Re: [PATCH v4] ovl: improving copy-up efficiency for big sparse file

Amir Goldstein <amir73il@xxxxxxxxx> · Mon, 16 Dec 2019 16:03:12 +0200

On Mon, Dec 16, 2019 at 1:58 PM Miklos Szeredi <miklos@xxxxxxxxxx> wrote:
>
> On Thu, Dec 12, 2019 at 4:43 PM Amir Goldstein <amir73il@xxxxxxxxx> wrote:
>
> > It's the same old story that was fixed in commit:
> > 6d0a8a90a5bb ovl: take lower dir inode mutex outside upper sb_writers lock
> >
> > The lower overlay inode mutex is taken inside ovl_llseek() while upper fs
> > sb_writers is held since ovl_maybe_copy_up() of nested overlay.
> >
> > Since the lower overlay uses same real fs as nested overlay upper,
> > this could really deadlock if the lower overlay inode is being modified
> > (took inode mutex and trying to take real fs sb_writers).
> >
> > Not a very common case, but still a possible deadlock.
> >
> > The only way to avoid this deadlock is probably a bit too hacky for your taste:
> >
> >         /* Skip copy hole optimization for nested overlay */
> >         if (old->mnt->mnt_sb->s_stack_depth)
> >                 skip_hole = false;
> >
> > The other way is to use ovl_inode_lock() in ovl_llseek().
> >
> > Have any preference? Something else?
> >
> > Should we maybe use ovl_inode_lock() also in ovl_write_iter() and
> > ovl_ioctl_set_flags()?
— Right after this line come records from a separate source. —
Lemma measurable_fun_nth n (g : R -> \bar R) (i : 'I_n) :
  measurable_fun setT g ->
  measurable_fun setT (fun z : n.-tuple R => g (nth 0%R z i)).
Proof.
move=> mg.
have -> : (fun z : n.-tuple R => g (nth 0%R z i)) = g \o (fun z => tnth z i).
  by apply: funext => z /=; rewrite (tnth_nth 0%R).
exact: measurableT_comp mg (measurable_tnth i).
Qed.

Lemma gauss_iint_le n (f g : n.-tuple R -> \bar R) m :
  measurable_fun setT f -> measurable_fun setT g ->
  (forall z, 0 <= f z) -> (forall z, f z <= g z) ->
  gauss_iint f m <= gauss_iint g m.
Proof.
elim: n f g m => [|n IH] f g m mf mg f0 fg /=; first exact: fg.
have g0 z : 0 <= g z by exact: le_trans (f0 z) (fg z).
apply: ge0_le_integral => //.
- by move=> x _; exact: gauss_iint_ge0.
- exact: measurable_gauss_iint_cons.
- exact: measurable_gauss_iint_cons.
- by move=> x _; apply: IH => //; exact: measurable_tuple_section.
Qed.

Lemma gauss_iintD n (f g : n.-tuple R -> \bar R) m :
  measurable_fun setT f -> measurable_fun setT g ->
  (forall z, 0 <= f z) -> (forall z, 0 <= g z) ->
  gauss_iint (fun z => f z + g z) m = gauss_iint f m + gauss_iint g m.
Proof.
elim: n f g m => [|n IH] f g m mf mg f0 g0 //=.
rewrite -ge0_integralD//.
- apply: eq_integral => x _.
  by apply: IH => //; exact: measurable_tuple_section.
- by move=> x _; exact: gauss_iint_ge0.
- exact: measurable_gauss_iint_cons.
- by move=> x _; exact: gauss_iint_ge0.
- exact: measurable_gauss_iint_cons.
Qed.

Lemma gauss_iintMr n (f : n.-tuple R -> \bar R) (c : R) m : (0 <= c)%R ->
  measurable_fun setT f -> (forall z, 0 <= f z) ->
  gauss_iint (fun z => f z * c%:E) m = gauss_iint f m * c%:E.
Proof.
elim: n f m => [|n IH] f m c0 mf f0 //=.
rewrite -ge0_integralZr//.
- apply: eq_integral => x _.
  by apply: IH => //; exact: measurable_tuple_section.
- exact: measurable_gauss_iint_cons.
- by move=> x _; exact: gauss_iint_ge0.
Qed.

Lemma gauss_iint_sum (I : Type) (s : seq I) n
    (F : I -> n.-tuple R -> \bar R) m :
  (forall i, measurable_fun setT (F i)) -> (forall i z, 0 <= F i z) ->
  gauss_iint (fun z => \sum_(i <- s) F i z) m =
  \sum_(i <- s) gauss_iint (F i) m.
Proof.
move=> mF F0; elim: s => [|a s IH].
  by under eq_fun do rewrite big_nil; rewrite big_nil gauss_iint_cst.
under eq_fun do rewrite big_cons; rewrite big_cons -IH.
apply: gauss_iintD => //.
- exact: emeasurable_sum.
- by move=> z; exact: sume_ge0.
Qed.

Lemma gauss_iint_nth n (g : R -> \bar R) i m : (i < n)%N ->
  gauss_iint (fun z : n.-tuple R => g (nth 0%R z i)) m =
  \int[normal_prob (m i) 1]_x g x.
Proof.
elim: n i m => [//|n IH] [|i] m /= ltin.
  by apply: eq_integral => x _; exact: gauss_iint_cst.
under eq_integral do rewrite (IH i (fun j => m j.+1)) //.
by rewrite integral_cst// -[RHS]mule1; congr (_ * _); exact: probability_setT.
Qed.

Lemma gauss_iint_tilt n (f : n.-tuple R -> \bar R) (l : R) i : (i < n)%N ->
  measurable_fun setT f -> (forall z, 0 <= f z) ->
  gauss_iint (fun z => f z * (normal_lr l (nth 0%R z i))%:E) (fun=> 0%R) =
  gauss_iint f (comp_mean l i).
Proof.
elim: n f i => [//|n IH] f [|i] /= ltin mf f0.
  have -> : (fun j => comp_mean l 0 j.+1) = (fun=> 0%R) by [].
  rewrite [comp_mean l 0 0]/comp_mean eqxx -(normal_tilt l).
  - apply: eq_integral => x _.
    apply: gauss_iintMr => //; first exact: expR_ge0.
    exact: measurable_tuple_section.
  - by move=> x; exact: gauss_iint_ge0.
  - exact: measurable_gauss_iint_cons.
have -> : (fun j => comp_mean l i.+1 j.+1) = comp_mean l i by [].
apply: eq_integral => x _.
by apply: IH => //; exact: measurable_tuple_section.
Qed.

Lemma gauss_iint_sum_tilt k (F : 'I_k -> k.-tuple R -> \bar R) (l : R) :
  (forall i, measurable_fun setT (F i)) -> (forall i z, 0 <= F i z) ->
  \sum_(i < k) gauss_iint (F i) (comp_mean l i) =
  gauss_iint (fun z => \sum_(i < k) F i z * (normal_lr l (nth 0%R z i))%:E)
    (fun=> 0%R).
Proof.
move=> mF F0; rewrite gauss_iint_sum => [|i|i z].
- by apply: eq_bigr => i _; rewrite gauss_iint_tilt.
- apply: emeasurable_funM => //.
  exact: (measurable_fun_nth _ _ i (measurable_normal_lr l)).
- by rewrite mule_ge0// lee_fin expR_ge0.
Qed.

Lemma gauss_iint_sum_trunc_ge k (l a : R) : (0 <= a)%R ->
  (k%:R * (1 - expR (- (a ^+ 2 / 2))))%:E <=
  gauss_iint (fun z : k.-tuple R => \sum_(i < k)
    (normal_lr l (nth 0%R z i) * (nth 0%R z i <= l + a)%R%:R)%:E) (fun=> 0%R).
Proof.
move=> a0; rewrite gauss_iint_sum => [|i|i z].
- have -> : (k%:R * (1 - expR (- (a ^+ 2 / 2))))%:E =
      \sum_(i < k) (1 - expR (- (a ^+ 2 / 2)))%:E.
    by rewrite sumEFin sumr_const card_ord mulr_natl.
  apply: lee_sum => i _.
  pose trunc x := (normal_lr l x * (x <= l + a)%R%:R)%:E.
  rewrite (gauss_iint_nth _ trunc)//.
  exact: normal_lr_trunc.
- exact: (measurable_fun_nth _ _ i (measurable_normal_lr_trunc l (l + a))).
- by rewrite lee_fin mulr_ge0 ?expR_ge0.
Qed.

End gauss_iint.

Section estimator.
Context {R : realType}.

Lemma normal_lr_homo (l : R) : 0 <= l -> {homo normal_lr l : x y / x <= y}.
Proof. by move=> l0 x y xy; rewrite ler_expR lerD2r ler_wpM2l. Qed.

Lemma sum_trunc_le (I : finType) (f : R -> R) (u : I -> R) (p : I) (t : R) :
  (forall x, 0 <= f x) -> {homo f : x y / x <= y} ->
  \sum_i f (u i) * (u i <= t)%R%:R <= \sum_i (p != i)%:R * f (u i) + f t.
Proof.
move=> f0 f_homo; rewrite (bigD1 p)//= [X in _ <= X + _](bigD1 p)//=.
rewrite eqxx mul0r add0r addrC; apply: lerD.
  apply: ler_sum => i ip; rewrite eq_sym ip mul1r.
  by case: (u i <= t)%R; rewrite ?mulr1 ?mulr0 ?f0.
by have [upt|_] := leP (u p) t; rewrite ?mulr1 ?mulr0 ?f0 ?f_homo.
Qed.

Lemma measurable_estimator_miss (k : nat) (Psi : k.-tuple R -> 'I_k)
    (i : 'I_k) :
  measurable_estimator Psi ->
  measurable_fun setT (fun z => ((Psi z != i)%:R)%:E : \bar R).
Proof.
move=> mPsi; apply/measurable_EFinP/measurable_natmul_bool/measurable_neg.
apply: (measurable_fun_bool true); rewrite setTI.
have -> : (fun z => Psi z == i) @^-1` [set true] = Psi @^-1` [set i].
  by apply/seteqP; split => z /= /eqP.
exact: mPsi.
Qed.

Local Open Scope ereal_scope.

Lemma sum_estimator_error_ge k (l a : R) (Psi : k.-tuple R -> 'I_k) :
  (0 <= l)%R -> (0 <= a)%R -> measurable_estimator Psi ->
  (k%:R * (1 - expR (- (a ^+ 2 / 2))) - normal_lr l (l + a))%:E <=
  \sum_(i < k) gauss_iint (fun z => ((Psi z != i)%:R)%:E) (comp_mean l i).
Proof.
move=> l0 a0 mPsi.
pose miss_lr z := \sum_(i < k)
  ((Psi z != i)%:R)%:E * (normal_lr l (nth 0%R z i))%:E.
have miss_lr0 z : 0 <= miss_lr z.
  by apply: sume_ge0 => i _; rewrite mule_ge0// lee_fin ?expR_ge0.
have m_miss_lr : measurable_fun setT miss_lr.
  apply: emeasurable_sum => i; apply: emeasurable_funM.
    exact: measurable_estimator_miss.
  exact: (measurable_fun_nth _ _ i (measurable_normal_lr l)).
rewrite EFinB leeBlDr// gauss_iint_sum_tilt//; last first.
  by move=> i; exact: measurable_estimator_miss.
rewrite -(gauss_iint_cst k (normal_lr l (l + a))%:E (fun=> 0%R)) -gauss_iintD//;
  last by move=> _; rewrite lee_fin expR_ge0.
apply: le_trans (gauss_iint_sum_trunc_ge k l a a0) _.
apply: gauss_iint_le.
- apply: emeasurable_sum => i.
  exact: (measurable_fun_nth _ _ i (measurable_normal_lr_trunc l (l + a))).
- exact: emeasurable_funD.
- move=> z; rewrite sumEFin lee_fin sumr_ge0// => i _.
  by rewrite mulr_ge0 ?expR_ge0.
move=> z; under [X in _ <= X + _]eq_bigr => i _ do rewrite -EFinM.
rewrite !sumEFin -EFinD lee_fin.
by apply: sum_trunc_le => [x|]; [exact: expR_ge0 | exact: normal_lr_homo].
Qed.

End estimator.

Section numeric.
Context {R : realType}.

Lemma expRN_mulD1_le1 (x : R) : expR (- x) * (1 + x) <= 1.
Proof.
rewrite -[leRHS](expRxMexpNx_1 x) [leRHS]mulrC ler_wpM2l ?expR_ge0//.
exact: expR_ge1Dx.
Qed.

Lemma ln_nat_ge_half (k : nat) : (2 <= k)%N -> 1 / 2 <= ln (k%:R : R).
Proof.
move=> k2; have k2R : (2 : R) <= k%:R by rewrite (ler_nat R 2 k).
rewrite -ler_expR lnK ?posrE; last lra.
have := expRN_mulD1_le1 (- (1 / 2)); rewrite opprK.
have := expR_gt0 (1 / 2 : R); nra.
Qed.

Lemma normal_lr_sqrt_ln_le (k : nat) (l : R) : (2 <= k)%N ->
  l = 1 / 32 * Num.sqrt (ln k%:R) -> k%:R^-1 * normal_lr l (l + 3) <= 8 / 11.
Proof.
move=> k2 ->; set L := ln (k%:R : R).
have L_ge : 1 / 2 <= L by exact: ln_nat_ge_half.
have kE : k%:R = expR L by rewrite lnK// posrE ltr0n (leq_trans _ k2).
have [s0 s2] : 0 <= Num.sqrt L /\ Num.sqrt L ^+ 2 = L.
  by split; [exact: sqrtr_ge0 | apply: sqr_sqrtr; lra].
have exp_le : 1 / 32 * Num.sqrt L * (1 / 32 * Num.sqrt L + 3) -
    (1 / 32 * Num.sqrt L) ^+ 2 / 2 <= L - 3 / 4 * L by nra.
rewrite kE -expRN -expRD (@le_trans _ _ (expR (- (3 / 4 * L))))//.
  by rewrite ler_expR /normal_lr; lra.
have := expRN_mulD1_le1 (3 / 4 * L); have := expR_gt0 (- (3 / 4 * L)); nra.
Qed.

End numeric.

Theorem lemma7p3 (R : realType) :
  exists (c C1 C2 : R), 0 < c /\ 0 < C1 /\ 0 < C2 /\
    forall k : nat, (2 <= k)%N ->
      exists lambda : R,
        C1 * Num.sqrt (ln k%:R) <= lambda /\
        lambda <= C2 * Num.sqrt (ln k%:R) /\
        forall Psi : k.-tuple R -> 'I_k,
          measurable_estimator Psi ->
          (c%:E <= mixture_error lambda Psi)%E.
Proof.
exists (1 / 11), (1 / 32), (1 / 32); do 3 (split; first lra).
move=> k k2; pose l : R := 1 / 32 * Num.sqrt (ln k%:R).
have l0 : 0 <= l by rewrite mulr_ge0 ?sqrtr_ge0.
exists l; do 2 (split; first exact: lexx).
move=> Psi mPsi; rewrite /mixture_error.
have err_ge := sum_estimator_error_ge k l 3 Psi l0 (ler0n R 3) mPsi.
apply: le_trans (lee_wpmul2l _ err_ge); first last.
  by rewrite lee_fin invr_ge0 ler0n.
have k0 : (0 : R) < k%:R by rewrite ltr0n (leq_trans _ k2).
have lr_le := normal_lr_sqrt_ln_le k l k2 (erefl l).
have tail_le := expRN_mulD1_le1 (3 ^+ 2 / 2 : R).
have := expR_gt0 (- (3 ^+ 2 / 2) : R).
rewrite -EFinM lee_fin mulrBr mulrA mulVf ?gt_eqF// mul1r.
lra.
Qed.
(* Let $X$ be a Type I space, written as $X=\bigcup_{\alpha<\omega_1}U_\alpha$ as in the definition of Type I, and let $h_t:X\to X$, $t\in[0,1]$, be an isotopy of homeomorphisms. Then $$\Big\{\alpha<\omega_1 \;:\; h_t\Big(\bigcup_{\beta<\alpha}U_\beta\Big)=\bigcup_{\beta<\alpha}U_\beta \text{ for all } t\in[0,1]\Big\}$$ is a closed unbounded subset of $\omega_1$.
   Context: A topological space $X$ is of Type I if it is the union of an $\omega_1$-sequence $\langle U_\alpha:\alpha<\omega_1\rangle$ of open subsets such that whenever $\alpha<\beta<\omega_1$ we have $\overline{U_\alpha}\subset U_\beta$ and $U_\alpha$ is Lindelöf. An isotopy of homeomorphisms of $X$ is a continuous map $H:X\times[0,1]\to X$ such that each $h_t=H(\cdot,t)$ is a homeomorphism of $X$. *)

From Stdlib Require Import Reals.
Open Scope R_scope.

Record topology (X : Type) := Topology {
  is_open : (X -> Prop) -> Prop;
  open_full : is_open (fun _ => True);
  open_inter : forall U V, is_open U -> is_open V -> is_open (fun x => U x /\ V x);
  open_union : forall F : (X -> Prop) -> Prop,
      (forall V, F V -> is_open V) -> is_open (fun x => exists V, F V /\ V x)
}.
Arguments is_open {X} _ _.

Definition closure {X} (T : topology X) (A : X -> Prop) (x : X) : Prop :=
  forall V, is_open T V -> V x -> exists y, V y /\ A y.

(* A subset A is Lindelof (as a subspace): every cover of A by open sets of X
   has a countable subcover (empty sets allowed as padding). *)
Definition lindelof {X} (T : topology X) (A : X -> Prop) : Prop :=
  forall F : (X -> Prop) -> Prop,
    (forall V, F V -> is_open T V) ->
    (forall x, A x -> exists V, F V /\ V x) ->
    exists g : nat -> (X -> Prop),
      (forall n, F (g n) \/ (forall x, ~ g n x)) /\
      (forall x, A x -> exists n, g n x).
(* Let $\xi$ be the distribution defined below. Then $\widehat\xi(1)<\infty$ and $\widehat\xi(1+i)=0$.
   Context: Define on $[0,\infty)$ the functions $\phi_1(x)=e^{-x}\big(3\pi+1+\sqrt2\sin(x-\tfrac{\pi}{4})\big)$ and $\phi_2(x)=\frac{1}{3\pi}1_{[0,2\pi)}(x)+\sum_{n=1}^\infty\frac{1}{\pi^3n^2}1_{[2n\pi,2(n+1)\pi)}(x)$. Both are positive, right-continuous and decreasing on $[0,\infty)$, with $\phi_1(0)\phi_2(0)=1$. Let $\xi$ be the probability distribution on $[0,\infty)$ whose tail is $\bar\xi(x):=\xi((x,\infty))=\phi_1(x)\phi_2(x)$ for $x\ge0$. For a distribution $\rho$, $\widehat\rho(w):=\int e^{wx}\rho(dx)$ for complex $w$ whenever the integral converges absolutely. *)

From Stdlib Require Import Reals Lra.
Open Scope R_scope.

Definition phi1 (x : R) : R :=
  exp (- x) * (3 * PI + 1 + sqrt 2 * sin (x - PI / 4)).

(* phi_2(x) = 1/(3pi) 1_[0,2pi)(x) + sum_{n>=1} 1/(pi^3 n^2) 1_[2n pi, 2(n+1) pi)(x).
   For x >= 0 exactly one indicator is nonzero; the relevant index is
   n = floor(x / (2 pi)) (Int_part is the floor). *)
Definition phi2 (x : R) : R :=
  if Rlt_dec x 0 then 0
  else if Rlt_dec x (2 * PI) then / (3 * PI)
  else / (PI ^ 3 * (IZR (Int_part (x / (2 * PI)))) ^ 2).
In all those cases, we are not protecting the overlay
> > inode members, but the real inode members from concurrent modification
> > through overlay.
>
> Possibly.   I think this whole thing needs a good analysis of i_rwsem
> use in overlayfs.
>

>From what I can find, besides those 3 instances in file.c, there are
two places I know of that access vfs_ functions on the overlay inode:

1. ovl_lookup_real_one(connected, ...), which takes the inode_lock itself
2. ovl_cache_update_ino(path, ...), which is called with inode_lock held

In those places the locking is intentional and looks correct.

And 3 more places that take inode_lock of overlay dir inode:
1. ovl_dir_llseek() - synchronize modifications to od->cache
    and synchronize modifications to real f_pos
2. ovl_dir_fsync() - synchronize modifications to od->upperfile.
3. ovl_dir_release() - synchronize modifications to od->cache.

Those 3 places were written before ovl_inode_lock existed.

real f_pos could be protected by ovl_inode_lock same as ovl_llseek().

od->upperfile could be protected by ovl_inode_lock same as copy up.

od->cache is created/accessed from ovl_iterate() with inode_lock
protection from vfs - I don't know if we want to change that to also take
ovl_inode_lock, so not sure if we have a good reason to change locking
in ovl dir operations.

Thanks,
Amir.